Causal Drawbridges: Characterizing Gradient Blocking of Syntactic Islands in Transformer LMs

arXiv cs.CL / 4/16/2026

💬 OpinionIdeas & Deep AnalysisModels & Research

Key Points

  • The paper uses causal interventions in Transformer language models to study how syntactic “islands” block extraction, showing that models reproduce human acceptability judgments that vary by lexical content.
  • It finds that extraction from coordination islands uses the same filler-gap mechanisms as canonical wh-dependencies, but those mechanisms are selectively inhibited to different degrees.
  • By isolating functionally relevant subspaces across Transformer blocks, attention modules, and MLPs, the authors provide mechanistic evidence linking representational structure to syntactic constraints.
  • A projection of a large unrelated-text corpus onto the causal subspaces leads to a new hypothesis that the conjunction “and” is encoded differently in extractable versus non-extractable constructions (relational vs. purely conjunctive uses).
  • Overall, the work demonstrates how mechanistic interpretability techniques can generate testable linguistic hypotheses about representation and processing in Transformer LMs.

Abstract

We show how causal interventions in Transformer models provide insights into English syntax by focusing on a long-standing challenge for syntactic theory: syntactic islands.

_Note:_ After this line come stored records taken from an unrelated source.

(* Let $m,n,s,k,c$ be positive integers such that $nc$ is even and $k$ is odd. If $\Gamma$ is an abelian group of order $nkc$ having exactly one involution, then there is no $\mathrm{MRS}_\Gamma(m,n;s,k;c)$.
   Context: For positive integers $m,n,s,k,c$ and an abelian group $\Gamma$ of order $nkc$, an $\mathrm{MRS}_\Gamma(m,n;s,k;c)$ is a set of $c$ partially filled $m\times n$ arrays (some cells may be empty) with entries in $\Gamma$ such that: every element of $\Gamma$ appears exactly once and in a unique array; in every array each row contains exactly $s$ filled cells and each column contains exactly $k$ filled cells; and there exist $\omega,\delta\in\Gamma$ such that in every array the sum of the entries of each row is $\omega$ and the sum of the entries of each column is $\delta$. An involution is an element of order $2$. *)

From HB Require Import structures.
From mathcomp Require Import all_boot all_order all_algebra.
Set Implicit Arguments. Unset Strict Implicit. Unset Printing Implicit Defensive.
Import GRing.Theory.
Local Open Scope ring_scope.

(* An (partially filled) m x n array with entries in G is a function
   'I_m -> 'I_n -> option G (None = empty cell). *)

Definition arrays (G : finZmodType) (c m n : nat) :=
  'I_c -> 'I_m -> 'I_n -> option G.

Definition cellv (G : finZmodType) (x : option G) : G := odflt 0 x.

Definition involution (G : finZmodType) (x : G) : bool :=
  (x != 0) && (x + x == 0).

Definition is_MRS (G : finZmodType) (m n s k c : nat) (A : arrays G c m n) : Prop :=
  (forall g : G,
     #|[set t : 'I_c * 'I_m * 'I_n | A t.1.1 t.1.2 t.2 == Some g]| = 1%N) /\
  (forall (a : 'I_c) (i : 'I_m), #|[set j : 'I_n | A a i j != None]| = s) /\
  (forall (a : 'I_c) (j : 'I_n), #|[set i : 'I_m | A a i j != None]| = k) /\
  (exists omega delta : G,
     (forall (a : 'I_c) (i : 'I_m), \sum_(j < n) cellv (A a i j) = omega) /\
     (forall (a : 'I_c) (j : 'I_n), \sum_(i < m) cellv (A a i j) = delta)).

(* If the abelian group G has a unique involution i, pairing every element
   with its opposite shows that the elements of G sum to i.  In an MRS each
   element of G occurs exactly once, so summing the entries column by column
   gives i = (c n) delta, where delta is the common column sum.  As k is odd
   and i + i = 0, i = k i = (n k c) delta = #|G| delta = 0, a contradiction. *)
From HB Require Import structures.
From mathcomp Require Import all_boot all_order all_algebra all_fingroup.
From mathcomp Require Import cyclic.
Set Implicit Arguments. Unset Strict Implicit. Unset Printing Implicit Defensive.
Import GRing.Theory.
Local Open Scope ring_scope.

Lemma mulrn_card (G : finZmodType) (x : G) : x *+ #|G| = 0.
Proof. by have := expg_cardG (in_setT x); rewrite cardsT. Qed.

Lemma mulrn_odd (V : zmodType) (x : V) (k : nat) :
  x + x = 0 -> x *+ k = x *+ odd k.
Proof.
move=> xx0; rewrite -{1}(odd_double_half k) mulrnDr -mul2n mulrnA mulr2n xx0.
by rewrite mul0rn addr0.
Qed.

Lemma sumr_involution (T : finType) (V : zmodType) (f : T -> T) (F : T -> V) :
  involutive f -> (forall x, F (f x) = - F x) ->
  \sum_x F x = \sum_(x | f x == x) F x.
Proof.
(* Orient each pair {x, f x} by enumeration rank; opposite ends cancel. *)
move=> fK Fodd; pose r := @enum_rank T; pose P x := (r x < r (f x))%N.
rewrite (bigID P) (bigID (P \o f) (fun x => ~~ P x)) /=.
have -> : \sum_(x | ~~ P x && P (f x)) F x = - \sum_(x | P x) F x.
  rewrite (reindex_inj (inv_inj fK)) -sumrN /=.
  apply: eq_big => x; last by rewrite Fodd.
  by rewrite /P fK andb_idl // => /ltnW; rewrite leqNgt.
rewrite addrA subrr add0r; apply: eq_bigl => x.
by rewrite /P fK -!leqNgt -eqn_leq (inj_eq val_inj) (inj_eq enum_rank_inj).
Qed.

Lemma sumr_unique_involution (V : finZmodType) (i : V) :
  [set x : V | involution x] = [set i] -> \sum_(x : V) x = i.
Proof.
move=> /setP invV; have selfinv x : (- x == x) = (x == 0) || (x == i).
  have := invV x; rewrite !inE /involution => <-.
  by rewrite eq_sym -addr_eq0; case: (x =P 0) => [->|]; rewrite ?addr0 ?eqxx.
have i_neq0 : i != 0.
  by have := invV i; rewrite !inE eqxx => /andP[].
rewrite (sumr_involution (F := id) opprK) // (bigD1 0) ?oppr0 //= add0r.
apply: big_pred1 => x /=; rewrite selfinv.
by case: (x =P 0) => [->|]; rewrite ?eqxx ?andbT // eq_sym (negPf i_neq0).
Qed.

Lemma sum_cellv_exactly_once (T : finType) (G : finZmodType) (F : T -> option G) :
  (forall g, #|[set t | F t == Some g]| = 1%N) -> \sum_t cellv (F t) = \sum_g g.
Proof.
move=> once; have cellvE (x : option G) : cellv x = \sum_g g *+ (x == Some g).
  case: x => [h|] /=; last by rewrite big1.
  rewrite (bigD1 h) //= eqxx big1 ?addr0 // => g gh.
  by case: eqP => // -[hg]; rewrite hg eqxx in gh.
rewrite (eq_bigr _ (fun t _ => cellvE (F t))) exchange_big; apply: eq_bigr => g _.
rewrite sumrMnr -[RHS]mulr1n -(once g) -sum1_card [in RHS]big_mkcond /=.
by congr (_ *+ _); apply: eq_bigr => t _; rewrite inE; case: eqP.
Qed.

Lemma sum_cellv_const_columns (G : finZmodType) (c m n : nat)
    (A : arrays G c m n) (delta : G) :
  (forall a j, \sum_(i < m) cellv (A a i j) = delta) ->
  \sum_(t : 'I_c * 'I_m * 'I_n) cellv (A t.1.1 t.1.2 t.2) = delta *+ (c * n).
Proof.
move=> col; rewrite -(pair_bigA _ (fun p j => cellv (A p.1 p.2 j))) /=.
rewrite -(pair_bigA _ (fun a i => \sum_j cellv (A a i j))) /=.
under eq_bigr => a _ do rewrite exchange_big /=.
under eq_bigr => a _ do under eq_bigr => j _ do rewrite col.
by rewrite !sumr_const !card_ord -mulrnA mulnC.
Qed.

Lemma MRS_sum_elements (G : finZmodType) (m n s k c : nat) (A : arrays G c m n) :
  is_MRS s k A -> exists delta : G, \sum_(g : G) g = delta *+ (c * n).
Proof.
case=> once [_ [_ [_ [delta [_ col]]]]]; exists delta.
rewrite -(sum_cellv_exactly_once (F := fun t => A t.1.1 t.1.2 t.2) once).
exact: sum_cellv_const_columns.
Qed.

Theorem lemma3p6 (m n s k c : nat) (G : finZmodType) :
  (0 < m)%N -> (0 < n)%N -> (0 < s)%N -> (0 < k)%N -> (0 < c)%N ->
  ~~ odd (n * c) -> odd k ->
  #|G| = (n * k * c)%N ->
  #|[set x : G | involution x]| = 1%N ->
  ~ (exists A : arrays G c m n, is_MRS s k A).
Proof.
move=> _ _ _ _ _ _ k_odd cardG /eqP/cards1P[i invG] [A /MRS_sum_elements[delta]].
rewrite (sumr_unique_involution invG) => i_delta.
have /andP[i_neq0 /eqP ii0] : involution i by rewrite -in_set invG set11.
have : i *+ k = 0.
  rewrite i_delta -mulrnA -(mulrn_card delta) cardG.
  by congr (_ *+ _); rewrite [RHS]mulnC mulnA.
by rewrite (mulrn_odd k ii0) k_odd; apply/eqP.
Qed.
(* Each new direction is the residual u_n - sum_i s_i v_{n-1,i} of minimal dual
   norm, so perturbing a single coefficient shows that it is Birkhoff-James
   orthogonal to every previous direction: ||v|| <= ||v - tau v_{n-1,i}|| for all
   tau.  Since X is uniformly convex, a functional g Birkhoff orthogonal to it
   must vanish at the point where v attains its norm, and that point is
   J_{p*}(v) up to a positive factor.  The retained directions form a shifted
   block of the previous list, so orthogonality propagates by induction on n. *)

From HB Require Import structures.
From mathcomp Require Import all_boot all_order all_algebra.
From mathcomp Require Import all_classical all_reals all_analysis.
From mathcomp Require Import ring lra zify.
Import Order.TTheory GRing.Theory Num.Theory.
Import numFieldNormedType.Exports.
Local Open Scope classical_set_scope.
Local Open Scope ring_scope.

Section DualSpace.
Context {R : realType} {V : normedModType R}.
Implicit Types (f g : V -> R) (x : V).

Lemma dual0 {f} : is_dual f -> f 0 = 0.
Proof. by move=> [lf _]; have := lf 1 0 0; rewrite scaler0 addr0 mul1r => h; lra. Qed.

Lemma dualZ {f} a x : is_dual f -> f (a *: x) = a * f x.
Proof. by move=> hf; have := hf.1 a x 0; rewrite !addr0 dual0 // addr0. Qed.

Lemma dualD {f} x1 x2 : is_dual f -> f (x1 + x2) = f x1 + f x2.
Proof. by move=> hf; have := hf.1 1 x1 x2; rewrite scale1r mul1r. Qed.

Lemma dualN {f} x : is_dual f -> f (- x) = - f x.
Proof. by move=> hf; rewrite -scaleN1r dualZ // mulN1r. Qed.

Lemma dualB {f} x1 x2 : is_dual f -> f (x1 - x2) = f x1 - f x2.
Proof. by move=> hf; rewrite dualD // dualN. Qed.

Lemma is_dual_cst0 : is_dual (fun _ : V => 0).
Proof. by split=> [*|x]; [ring | exact: cst_continuous]. Qed.

Lemma is_dualBZ {f g} c : is_dual f -> is_dual g -> is_dual (fun x => f x - c * g x).
Proof.
move=> hf hg; split=> [a x1 x2|x]; first by rewrite hf.1 hg.1; ring.
exact: continuousB (hf.2 x) (continuousM (@cst_continuous _ _ c x) (hg.2 x)).
Qed.

Lemma is_dualB {f g} : is_dual f -> is_dual g -> is_dual (fun x => f x - g x).
Proof.
by move=> hf hg; have := is_dualBZ 1 hf hg; under eq_fun do rewrite mul1r.
Qed.

Lemma is_dualN {g} : is_dual g -> is_dual (fun x => - g x).
Proof. by move=> hg; have := is_dualB is_dual_cst0 hg; under eq_fun do rewrite sub0r. Qed.

Lemma is_dual_sum (I : seq nat) (c : nat -> R) (F : nat -> V -> R) :
  (forall i, i \in I -> is_dual (F i)) -> is_dual (fun x => \sum_(i <- I) c i * F i x).
Proof.
elim: I => [|i I IH] hF; first by under eq_fun do rewrite big_nil; exact: is_dual_cst0.
have hI : is_dual (fun x => \sum_(j <- I) c j * F j x).
  by apply: IH => j jI; apply: hF; rewrite inE jI orbT.
under eq_fun do rewrite big_cons addrC.
by have := is_dualBZ (- c i) hI (hF i (mem_head _ _)); under eq_fun do rewrite mulNr opprK.
Qed.

Lemma is_dual_comp {W : normedModType R} (B : V -> W) (h : W -> R) :
  bounded_linear B -> is_dual h -> is_dual (fun x => h (B x)).
Proof.
move=> [lB cB] hh; split=> [a x1 x2|x]; first by rewrite lB hh.1.
exact: continuous_comp (cB x) (hh.2 (B x)).
Qed.
(* Let $\mathbf{A}$ be a POVM on $\mathbb{C}^2$. Then $\mathbf{A}$ is projective-simulable if and only if the pair of measurements $\{\mathbf{A},\bar{\mathbf{A}}\}$ cannot demonstrate EPR steering on any bipartite quantum state in which the measured party has local dimension 2.
   Context: A POVM on $\mathbb{C}^d$ with $n$ outcomes is a tuple $\mathbf{A}=(A_1,\ldots,A_n)$ of positive semidefinite operators with $\sum_a A_a=\mathbb{I}$; it is projective if all effects are projectors. A POVM $\mathbf{A}$ is projective-simulable if there are a probability distribution $p(j)$ over finitely many projective POVMs $\mathbf{B}^{(j)}$ on $\mathbb{C}^d$ and conditional distributions $q(i|j,i')$ such that $A_i=\sum_j p(j)\sum_{i'}q(i|j,i')B^{(j)}_{i'}$ for all $i$. For a qubit POVM, $\bar{\mathbf{A}}=(\bar A_i)$ with $\bar A_i=\mathrm{Tr}(A_i)\mathbb{I}-A_i$. A set of measurements $\{\mathbf{A}^{(x)}\}_x$ on $\mathbb{C}^2$ applied by one party to a state $\rho$ on $\mathbb{C}^2\otimes\mathbb{C}^{d'}$ produces the assemblage $\sigma_{a|x}=\mathrm{Tr}_1[(A^{(x)}_a\otimes\mathbb{I})\rho]$; it demonstrates steering if there is no local hidden state model, i.e. no probability distribution $\pi(\lambda)$, states $\sigma_\lambda$ on $\mathbb{C}^{d'}$ and conditional distributions $p(a|x,\lambda)$ with $\sigma_{a|x}=\sum_\lambda\pi(\lambda)p(a|x,\lambda)\sigma_\lambda$ for all $a,x$. *)

(* complex numbers are modelled by algC (algebraic complex numbers). *)
From HB Require Import structures.
From mathcomp Require Import all_boot all_order all_algebra all_field.
Set Implicit Arguments. Unset Strict Implicit. Unset Printing Implicit Defensive.
Import Order.TTheory GRing.Theory Num.Theory.
Local Open Scope ring_scope.

Definition adj_mx m n (M : 'M[algC]_(m, n)) : 'M[algC]_(n, m) := (map_mx Num.conj M)^T.

Definition psd n (M : 'M[algC]_n) : Prop :=
  forall v : 'cV[algC]_n, 0 <= (adj_mx v *m M *m v) 0 0.

Definition povm d k (A : 'I_k -> 'M[algC]_d) : Prop :=
  (forall a, psd (A a)) /\ \sum_(a < k) A a = 1%:M.

Definition projective_povm d k (A : 'I_k -> 'M[algC]_d) : Prop :=
  povm A /\ forall a, A a *m A a = A a.

Definition prob_dist (I : finType) (p : I -> algC) : Prop :=
  (forall i, 0 <= p i) /\ \sum_i p i = 1.
Lemma reflection_lift_triangular :
  exists2 a, (a != 0)%R & exists b, GLval (repr t) = (mx2 a b 0 (- a))%R.
Proof.
have : proj (unip F ^ repr t) = proj (unip F)^-1.
  by rewrite coset_GLJ coset_reprK rt coset_GLV.
case/(conj_unip_triangular (unipVE F))=> a nz_a [b].
by rewrite mulN1r; exists a => //; exists b.
Qed.

Lemma cent_normalizer_dihedral_unip : 'C_('N(D))(<[r]>) = <[r]>.
Proof.
have [a nz_a [b defT]] := reflection_lift_triangular.
have h2 := pchar_odd_half charFp p_odd.
apply/eqP; rewrite eqEsubset subsetI cycle_subG (subsetP (normG D));
  last exact: mem_dihedral_rot defD.
rewrite (cycle_abelian r : <[r]> \subset 'C(<[r]>)) !andbT.
apply/subsetP => g /setIP[Ng]; rewrite cent_cycle => /cent1P cgr.
have [i tgE] := dihedral_conj_reflection p_odd defD ord_r ord_t Ng.
rewrite -(coset_reprK g).
rewrite (centralizer_unip_reflection (G := repr g) (i := i) nz_a h2 defT).
- by rewrite coset_GLX mem_cycle.
- by rewrite coset_GLJ coset_reprK /conjg -cgr mulKg.
by rewrite coset_GLJ (coset_reprK g) coset_GLM coset_GLX coset_reprK tgE.
Qed.

Lemma normalizer_dihedral_unip_powers k :
  0 < k < p -> exists2 g, g \in 'N(D) & r ^ g = r ^+ k.
Proof.
case/andP=> k_gt0 k_lt_p; have [a nz_a [b defT]] := reflection_lift_triangular.
have nz_k : (k%:R != 0 :> F)%R by rewrite -(dvdn_pcharf charFp) gtnNdvd.
have nz_2 := pchar_odd_natr2_neq0 charFp p_odd.
have [G [rG tG]] := conj_unipX_fixing nz_a nz_2 nz_k defT.
rewrite !coset_GLJ coset_reprK coset_GLX in rG tG.
exists (proj G) => //; rewrite inE -defD conjsMg -!cycleJ rG tG.
by apply: mulSg; rewrite cycle_subG mem_cycle.
Qed.

Lemma normalizer_dihedral_unip : Cp_rtimes_Cpm1 p 'N(D).
Proof.
apply: self_centralizing_cycle_sdprod p_pr ord_r _ cent_normalizer_dihedral_unip _.
  exact: dihedral_norm_cycle p_pr p_odd defD ord_r ord_t rt.
exact: normalizer_dihedral_unip_powers.
Qed.

End DihedralUnipotent.

Unset Implicit Arguments.
Close Scope group_scope.

Theorem proposition3p4 (p : nat) (F : finFieldType)
    (D : {group coset_of (GLscalars F)}) :
  prime p -> odd p -> #|F| = (p ^ 2)%N ->
  D \subset PGL2 F -> D \isog 'D_(2 * p) ->
  exists (K H : {group coset_of (GLscalars F)}),
    [/\ (K ><| H)%g = 'N_(PGL2 F)(D)%g,
        cyclic K /\ #|K| = p, cyclic H /\ #|H| = p.-1
      & 'C_H(K)%g = 1%g].
Proof.
move=> p_pr p_odd cardF _ isoD.
have charFp : (p \in [pchar F])%R := card_finPcharP cardF p_pr.
have [x [y [defD ord_x ord_y xy]]] := dihedral_gens (prime_gt1 p_pr) isoD.
have [z xz] := PGL2_conj_unip charFp ord_x.
change (Cp_rtimes_Cpm1 p 'N_(PGL2 F)(D)%g); rewrite PGL2_setT setTI.
apply: (Cp_rtimes_Cpm1J (z := z)); rewrite -normJ.
apply: (normalizer_dihedral_unip (D := (D :^ z)%G) (t := y ^ z)) => //.
- by rewrite -xz !cycleJ -conjsMg defD.
- by rewrite -xz orderJ.
- by rewrite orderJ.
- by rewrite -xz -conjJg xy conjVg.
Qed.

Extraction from coordinated verb phrases is often degraded, yet acceptability varies gradiently with lexical content (e.g., "I know what he hates art and loves" vs. "I know what he looked down and saw"). We show that modern Transformer language models replicate human judgments across this gradient. Using causal interventions that isolate functionally relevant subspaces in Transformer blocks, attention modules, and MLPs, we demonstrate that extraction from coordination islands engages the same filler-gap mechanisms as canonical wh-dependencies, but that these mechanisms are selectively blocked to varying degrees. By projecting a large corpus of unrelated text onto these causally identified subspaces, we derive a novel linguistic hypothesis: the conjunction "and" is represented differently in extractable versus non-extractable constructions, corresponding to expressions encoding relational dependencies versus purely conjunctive uses. These results illustrate how mechanistic interpretability can inform syntax, generating new hypotheses about linguistic representation and processing.